Alternatively, making a passionate plea defending the Union we love using principles of the heart, of wanting to remain, not because we have to out of economic necessity and survival, but because we want to stay out of love and loyalty even if the economic conditions allowed for independence, is the only way we can sustainably and indefinitely defend our United Kingdom. But I will go one step further. Not only is it the only way we can defend Britain, it is the only way we should want to defend Britain; a nation that Treasury forecasts and accountant spreadsheets aside, we, or at least I, dearly love. A nation I also want my fellow subjects to love, and not just need. For in the long run, love overcomes fear, and while we just hung on in Scotland in 2014 if that vote were held a few weeks later the outcome could have been disastrous. We must champion our achievements; the foes we have faced together, our values, our heroes, our shared history but most importantly, our shared future. We must build a campaign on loyalty, on pride, on hope, on belonging, on love, rather than pessimistic economic modelling however accurate we perceive it to be.

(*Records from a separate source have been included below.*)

(* $\mathrm{PL}$ and $\mathrm{ML}$ (in team semantics) admit counter-model merging: for arbitrary sets $\Gamma,\Delta$ of formulas of the logic, if for every $\delta\in\Delta$ there is a valuation satisfying all of $\Gamma$ and not satisfying $\delta$, then there is a single valuation satisfying all of $\Gamma$ and not satisfying any $\delta\in\Delta$.
   Context: $\mathrm{PL}$: formulas built from a countably infinite set of atoms with $\neg,\to$; a valuation is a team $T$, a (possibly empty) set of assignments of truth values to the atoms, and $T\models\alpha$ iff every $s\in T$ satisfies $\alpha$ classically. $\mathrm{ML}$: formulas built from atoms with $\neg,\to,\Box$; a valuation is a pair $(\mathcal K,T)$ with $\mathcal K=(W,R,V)$ a Kripke structure and $T\subseteq W$, and $(\mathcal K,T)\models\alpha$ iff $(\mathcal K,w)\models\alpha$ in standard Kripke semantics for all $w\in T$. *)

Inductive pl_form : Type :=
| PAtom : nat -> pl_form
| PNeg  : pl_form -> pl_form
| PImp  : pl_form -> pl_form -> pl_form.

Definition assignment := nat -> bool.

Fixpoint pl_sat (s : assignment) (a : pl_form) : Prop :=
  match a with
  | PAtom p => s p = true
  | PNeg b => ~ pl_sat s b
  | PImp b c => pl_sat s b -> pl_sat s c
  end.

Definition pl_team := assignment -> Prop.

Definition pl_team_sat (T : pl_team) (a : pl_form) : Prop :=
  forall s, T s -> pl_sat s a.

Inductive ml_form : Type :=
| MAtom : nat -> ml_form
| MNeg  : ml_form -> ml_form
| MImp  : ml_form -> ml_form -> ml_form
| MBox  : ml_form -> ml_form.

Fixpoint ml_sat {W : Type} (R : W -> W -> Prop) (V : nat -> W -> Prop)
  (w : W) (a : ml_form) : Prop :=
  match a with
  | MAtom p => V p w
  | MNeg b => ~ ml_sat R V w b
  | MImp b c => ml_sat R V w b -> ml_sat R V w c
  | MBox b => forall v, R w v -> ml_sat R V v b
  end.

Definition ml_team_sat {W : Type} (R : W -> W -> Prop) (V : nat -> W -> Prop)
  (T : W -> Prop) (a : ml_form) : Prop :=
  forall w, T w -> ml_sat R V w a.

Definition pl_counter_model_merging : Prop :=
  forall (Gamma Delta : pl_form -> Prop),
    (forall d, Delta d ->
       exists T : pl_team,
         (forall g, Gamma g -> pl_team_sat T g) /\ ~ pl_team_sat T d) ->
    exists T : pl_team,
      (forall g, Gamma g -> pl_team_sat T g) /\
      (forall d, Delta d -> ~ pl_team_sat T d).

(* Counter-model merging for ML: valuations are pairs (K, T) with
   K = (W, R, V) an arbitrary Kripke structure and T a subset of W. *)
Definition ml_counter_model_merging : Prop :=
  forall (Gamma Delta : ml_form -> Prop),
    (forall d, Delta d ->
       exists (W : Type) (R : W -> W -> Prop) (V : nat -> W -> Prop) (T : W -> Prop),
         (forall g, Gamma g -> ml_team_sat R V T g) /\ ~ ml_team_sat R V T d) ->
    exists (W : Type) (R : W -> W -> Prop) (V : nat -> W -> Prop) (T : W -> Prop),
      (forall g, Gamma g -> ml_team_sat R V T g) /\
      (forall d, Delta d -> ~ ml_team_sat R V T d).

(* PL: the team of all assignments satisfying Gamma contains every team
   satisfying Gamma, and team satisfaction is downward closed, so this single
   team refutes every delta that some Gamma-team refutes.
   ML: take the disjoint union of one chosen counter-model per delta; a world
   of a summand satisfies the same formulas in the sum, so the union of the
   chosen teams satisfies Gamma and refutes each delta in its own summand. *)

From Stdlib Require Import ClassicalEpsilon.

Definition pl_theory_team (Gamma : pl_form -> Prop) : pl_team :=
  fun s => forall g, Gamma g -> pl_sat s g.

Lemma pl_team_sat_sub (T T' : pl_team) (a : pl_form) :
  (forall s, T s -> T' s) -> pl_team_sat T' a -> pl_team_sat T a.
Proof. intros HTT' HT' s Hs. exact (HT' s (HTT' s Hs)). Qed.

Lemma pl_theory_team_sat (Gamma : pl_form -> Prop) g :
  Gamma g -> pl_team_sat (pl_theory_team Gamma) g.
Proof. intros Hg s Hs. exact (Hs g Hg). Qed.

Lemma pl_theory_team_max (Gamma : pl_form -> Prop) (T : pl_team) :
  (forall g, Gamma g -> pl_team_sat T g) ->
  forall s, T s -> pl_theory_team Gamma s.
Proof. intros HT s Hs g Hg. exact (HT g Hg s Hs). Qed.

Theorem pl_counter_model_merging_holds : pl_counter_model_merging.
Proof.
  intros Gamma Delta HDelta.
  exists (pl_theory_team Gamma). split.
  - exact (pl_theory_team_sat Gamma).
  - intros d Hd Hsat.
    destruct (HDelta d Hd) as [T [HT Hrefute]].
    exact (Hrefute (pl_team_sat_sub T _ d (pl_theory_team_max Gamma T HT) Hsat)).
Qed.

Record team_model := {
  tm_world : Type;
  tm_rel : tm_world -> tm_world -> Prop;
  tm_val : nat -> tm_world -> Prop;
  tm_team : tm_world -> Prop
}.

Definition tm_sat (M : team_model) (a : ml_form) : Prop :=
  ml_team_sat (tm_rel M) (tm_val M) (tm_team M) a.

Section DisjointUnion.

Variables (I : Type) (M : I -> team_model).

Definition sum_world : Type := { i : I & tm_world (M i) }.

Inductive sum_rel : sum_world -> sum_world -> Prop :=
  | sum_rel_in i w v :
      tm_rel (M i) w v -> sum_rel (existT _ i w) (existT _ i v).

Definition sum_val (p : nat) (x : sum_world) : Prop :=
  tm_val (M (projT1 x)) p (projT2 x).

Definition sum_team (x : sum_world) : Prop :=
  tm_team (M (projT1 x)) (projT2 x).

Definition tm_sum : team_model := Build_team_model sum_world sum_rel sum_val sum_team.

Lemma ml_sat_sum (a : ml_form) (x : sum_world) :
  ml_sat sum_rel sum_val x a <->
  ml_sat (tm_rel (M (projT1 x))) (tm_val (M (projT1 x))) (projT2 x) a.
Proof.
  revert x; induction a as [p | b IHb | b IHb c IHc | b IHb]; intros x; simpl.
  - reflexivity.
  - rewrite IHb; reflexivity.
  - rewrite IHb, IHc; reflexivity.
  - split.
    + intros Hbox v Hv. apply (IHb (existT _ (projT1 x) v)).
      apply Hbox. destruct x as [i w]. constructor. exact Hv.
    + intros Hbox y Hxy. apply IHb.
      destruct Hxy as [i w v Hwv]. exact (Hbox v Hwv).
Qed.

Lemma tm_sat_sum (a : ml_form) : tm_sat tm_sum a <-> forall i, tm_sat (M i) a.
Proof.
  split.
  - intros Hsum i w Hw. apply (ml_sat_sum a (existT _ i w)). exact (Hsum (existT _ i w) Hw).
  - intros Hall x Hx. apply ml_sat_sum. exact (Hall (projT1 x) (projT2 x) Hx).
Qed.

End DisjointUnion.

Theorem ml_counter_model_merging_holds : ml_counter_model_merging.
Proof.
  intros Gamma Delta HDelta.
  set (I := { d : ml_form | Delta d }).
  assert (Hex : forall i : I, exists M : team_model,
             (forall g, Gamma g -> tm_sat M g) /\ ~ tm_sat M (proj1_sig i)).
  { intros [d Hd]. destruct (HDelta d Hd) as [W [R [V [T HM]]]].
    exists (Build_team_model W R V T). exact HM. }
  destruct (choice _ Hex) as [M HM].
  exists (sum_world I M), (sum_rel I M), (sum_val I M), (sum_team I M). split.
  - intros g Hg. apply (tm_sat_sum I M g). intros i. exact (proj1 (HM i) g Hg).
  - intros d Hd Hsat.
    apply (proj2 (HM (exist _ d Hd))).
    exact (proj1 (tm_sat_sum I M d) Hsat (exist _ d Hd)).
Qed.

Theorem mainTheorem3 : pl_counter_model_merging /\ ml_counter_model_merging.
Proof.
  split.
  - exact pl_counter_model_merging_holds.
  - exact ml_counter_model_merging_holds.
Qed.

The luxury for the nationalists is that when they fail, they just dust themselves off, pick themselves up, and come charging back at us again. We do not have that luxury. If we falter or fall, if we divert our attention for a moment too long, we will not have a second chance. In 2014 we were lucky. If we continue to persist with “project fear” and the constant focus on the head, arguing why we need to be and not why we want to be part of the United Kingdom, I very much doubt we will be so lucky again.

The basis of this article can be summed up in the words of Rameez Raja, a famous Pakistani cricket commentator “in the battle between the heart and the mind, winners always listen to their hearts”. We must do the same, or face losing the nation we hold in our own hearts, forever.